Tagette Oil 10% DPG 10.00 10.00

2,4,6-trimethyl-4-phenyl-1,3-dioxane coeur 10% DPG 5.00 5.00

Ylang Ylang Oil Extra 10% DPG 5.00 5.00 Trans-3-methyl-γ-decalactone 20.00 20.00

DPG (dipropylene glycol) 20.00 -

Cis-3-methyl-γ-decalactone - 20:00

1000.00 1000.00

The base perfume oil of the "Jenny" type is enhanced by the addition of cis-3-methyl-γ-decalactone (instead of the ineffective solvent DPG) flowery, hedionic and jasmon-like; the fruity (peach-like) aspects are enhanced. 2. Manufacturing:

Ice and trans-3-methyl-γ-decalactone are prepared in a known manner according to the process design from the following reference: Izvestiya Akadii Nauk SSSR, Seriya Khimieheskaya, 1971, 2, 389.

Claims

claims:

1. Use of a mixture comprising ice and trans-3-methyl-γ-decalactone in a molar ratio in the range from 2: 3.5 to 3.5: 2, as a jasmine fragrance.

2. Use of cis-3-methyl-γ-decalactone in a perfume composition containing trans-3-methyl-γ-decalactone, for enhancing the peach odor mediated by trans-3-methyl-γ-decalactone.

3. A method for imparting, enhancing or modifying a jasmine odor in a fragrance composition, wherein the fragrance composition comprises an amount of a mixture of ice and trans-3-methyl-γ-decalactone in a molar ratio in the range from 2: 3.5 to 3 , 5: 2 is added, which is sufficient to impart a jasmine smell, to intensify or to modify it.
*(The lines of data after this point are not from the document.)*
Lemma preserving_transport {P Q Y Z : C} (ψ : Hom P Q) (ε : Hom Y Z)
    (p : Hom P Y) (q : Hom Q Z) :
  iso ψ -> iso ε -> q ∘ ψ = ε ∘ p -> preserving c p -> preserving c q.
Proof.
  intros Hψ Hε Hsq Hp m.
  destruct Hψ as [ψ' [Hψ'ψ Hψψ']].
  rewrite <- (image_inv ψ' ψ m Hψψ').
  set (n := image FS ψ' m).
  rewrite <- closure_image_iso by (exists ψ'; split; assumption).
  rewrite <- !image_comp, Hsq, !image_comp, (Hp n), closure_image_iso by exact Hε.
  reflexivity.
Qed.

End Closure.
End FactorizationSystem.

Section Pullbacks.
Variables (C : Category) (FS : FactSys C) (FC : FinComplete C).
Notation S x := (sub (@fM C FS) x).

Lemma subm_preimage {a b : C} (f : Hom a b) (t : S b) :
  subm (preimage FS FC f t) = pb2 FC (subm t) f.
Proof. reflexivity. Qed.

Lemma preimage_mono {a b : C} (f : Hom a b) (s t : S b) :
  sub_le s t -> sub_le (preimage FS FC f s) (preimage FS FC f t).
Proof.
  intros [j Hj].
  destruct (pb_univ FC (f := subm t) (g := f) (q1 := j ∘ pb1 FC (subm s) f)
     (q2 := pb2 FC (subm s) f)) as [k [_ Hk]].
  { rewrite comp_assoc, <- Hj. apply pb_comm. }
  exists k. rewrite !subm_preimage. symmetry. exact Hk.
Qed.

Hypothesis hEpb : forall (a b d : C) (e : Hom a d) (f : Hom b d),
  fE FS e -> fE FS (pb2 FC e f).

(* The two pullbacks of [f] and [e] differ by the canonical swap isomorphism. *)
Lemma pb1_E {a b d : C} (f : Hom a d) (e : Hom b d) : fE FS e -> fE FS (pb1 FC f e).
Proof.
  intros He.
  destruct (pb_univ FC (f := e) (g := f) (q1 := pb2 FC f e) (q2 := pb1 FC f e))
    as [u [Hu1 Hu2]]. { symmetry. apply pb_comm. }
  destruct (pb_univ FC (f := f) (g := e) (q1 := pb2 FC e f) (q2 := pb1 FC e f))
    as [v [Hv1 Hv2]]. { symmetry. apply pb_comm. }
  assert (Hvu : v ∘ u = idm _).
  { apply (pb_uniq (f0 := FC) (f := f) (g := e)).
    - rewrite comp_assoc, Hv1, Hu2, comp_id_r. reflexivity.
    - rewrite comp_assoc, Hv2, Hu1, comp_id_r. reflexivity. }
  assert (Huv : u ∘ v = idm _).
  { apply (pb_uniq (f0 := FC) (f := e) (g := f)).
    - rewrite comp_assoc, Hu1, Hv2, comp_id_r. reflexivity.
    - rewrite comp_assoc, Hu2, Hv1, comp_id_r. reflexivity. }
  rewrite <- Hu2. apply E_comp_iso; [exists v; split; assumption|]. apply hEpb, He.
Qed.

Lemma image_preimage {a b : C} (f : Hom a b) (t : S b) :
  fE FS f -> sub_eqv (image FS f (preimage FS FC f t)) t.
Proof.
  intros Hf. unfold image. rewrite subm_preimage.
  pose proof (pb_comm FC (subm t) f) as Hc.
  split.
  - apply img_of_le with (u := pb1 FC (subm t) f). symmetry. exact Hc.
  - apply img_of_ge with (e := pb1 FC (subm t) f) (v := idm _).
    + apply pb1_E, Hf.
    + rewrite comp_id_r. exact Hc.
Qed.

End Pullbacks.

Section Reflection.
Variables (CX CA : Category) (FCX : FinComplete CX) (FCA : FinComplete CA)
  (FSX : FactSys CX) (FSA : FactSys CA) (Rf : Reflection CX CA).
Notation I := (incl Rf).
Notation R := (refl Rf).
Notation ρ := (unit Rf).
Notation SX x := (sub (@fM CX FSX) x).
Notation SA a := (sub (@fM CA FSA) a).

Lemma unit_factor {x : CX} {a : CA} (g : Hom x (I a)) : exists h, fmap I h ∘ ρ x = g.
Proof. destruct (unit_univ g) as [h [Hh _]]. exists h. exact Hh. Qed.

Lemma unit_ext {x : CX} {a : CA} (g h : Hom (R x) a) :
  fmap I g ∘ ρ x = fmap I h ∘ ρ x -> g = h.
Proof.
  intros H. destruct (unit_univ (fmap I h ∘ ρ x)) as [k [_ Hk]].
  transitivity k; [symmetry|]; apply Hk; [exact H | reflexivity].
Qed.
4. A process for producing a fragrance composition with a strong peach smell and a jasmine smell, comprising the following steps: providing a fragrance base composition which does not have a strong peach smell, mixing the fragrance base composition with the compounds cis-3-methyl γ-decalactone and trans-3-methyl-γ-decalactone, with the proviso that (i) these compounds are used in a molar cis / trans ratio in the range from 2: 3.5 to 3.5: 2, (ii ) the total amount of compounds used is sufficient to impart the strong peach smell and the jasmine smell and (iii) the amount of trans-3-methyl-γ-decalactone used is insufficient in the absence of cis-3-methyl-γ-decalactone to convey the strong peach smell.

5. A method for enhancing a peach smell mediated by trans-3-methyl-γ-decalactone in a fragrance composition, characterized in that an effective amount of cis-3-methyl-γ-decalactone is added to the fragrance composition.

6. A fragrance composition or perfumed article with a jasmine odor, comprising a quantity of a mixture of ice and trans-3-methyl-γ-decalactone in a molar cis / trans ratio in the range from 2: 3.5 to 3 which brings about the jasmine odor , 5: 2, whereby neither the cis-3-methyl-γ-deealactone used by itself nor the trans-3-methyl-γ-decalactone used by itself causes the jasmine odor.

7. fragrance composition with jasmine odor according to claim 6, wherein the fragrance composition is a perfume oil composition and the amount used of the mixture of ice and trans-3-methyl-γ-decalactone in the range from 0.01 to 99.9% by weight , preferably 0.1 to 90% by weight and particularly preferably 0.5 to 70% by weight, based on the total weight of the perfume oil composition.